(* Let $K>0$, $\gamma\geq2$, $\bar\rho>0$, $R>0$, and let $(\rho,u)$ be a $C^1$ solution on $\mathbb{R}$ of the one-dimensional Euler equations $$\rho_t+(\rho u)_x=0,\qquad \rho(u_t+uu_x)+P_x=0,\qquad P=K\rho^\gamma,$$ with initial data $(\rho(0,x),u(0,x))=(\bar\rho+\rho_0(x),u_0(x))$, $\operatorname{supp}(\rho_0,u_0)\subseteq\{x:|x|\leq R\}$, and with $\rho>0$ (non-vacuum). Let $\sigma=\sqrt{K\gamma\bar\rho^{\gamma-1}}$ and define $$H_4(t)=\int_{-\infty}^{+\infty}xu(t,x)\,dx,\qquad m_2(t)=\int_{-\infty}^{+\infty}(\rho(t,x)-\bar\rho)\,dx.$$ If $H_4(0)>\frac{8\sigma R^2}{3}$ and $m_2(0)\geq0$, then the $C^1$ solution blows up in finite time, i.e. its life span is finite. *)

From Stdlib Require Import Reals Lra.
From Coquelicot Require Import Coquelicot.
Open Scope R_scope.

Definition cont_half (f : R -> R -> R) (t0 x0 : R) : Prop :=
  filterlim (fun p : R * R => f (fst p) (snd p))
            (within (fun p : R * R => 0 <= fst p) (locally (t0, x0)))
            (locally (f t0 x0)).

Definition dt (f : R -> R -> R) (t x : R) : R := Derive (fun s => f s x) t.
Definition dx (f : R -> R -> R) (t x : R) : R := Derive (fun y => f t y) x.

Definition C1_half (f : R -> R -> R) : Prop :=
  (forall t x, 0 <= t -> ex_derive (fun y => f t y) x) /\
  (forall t x, 0 < t -> ex_derive (fun s => f s x) t) /\
  (forall t x, 0 <= t -> cont_half f t x) /\
  (forall t x, 0 <= t -> cont_half (dx f) t x) /\
  (exists ft : R -> R -> R,
      (forall t x, 0 < t -> ft t x = dt f t x) /\
      (forall t x, 0 <= t -> cont_half ft t x)).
◇ ◇ ◇ ◇ ◇ ◇ ◇
Could you give again, word for word, the line with "(forall t x, 0 <= t -> cont_half f t x) /\" and all lines after it through the end of the data? Leave out everything else.

Answer to the exercise:
  (forall t x, 0 <= t -> cont_half f t x) /\
  (forall t x, 0 <= t -> cont_half (dx f) t x) /\
  (exists ft : R -> R -> R,
      (forall t x, 0 < t -> ft t x = dt f t x) /\
      (forall t x, 0 <= t -> cont_half ft t x)).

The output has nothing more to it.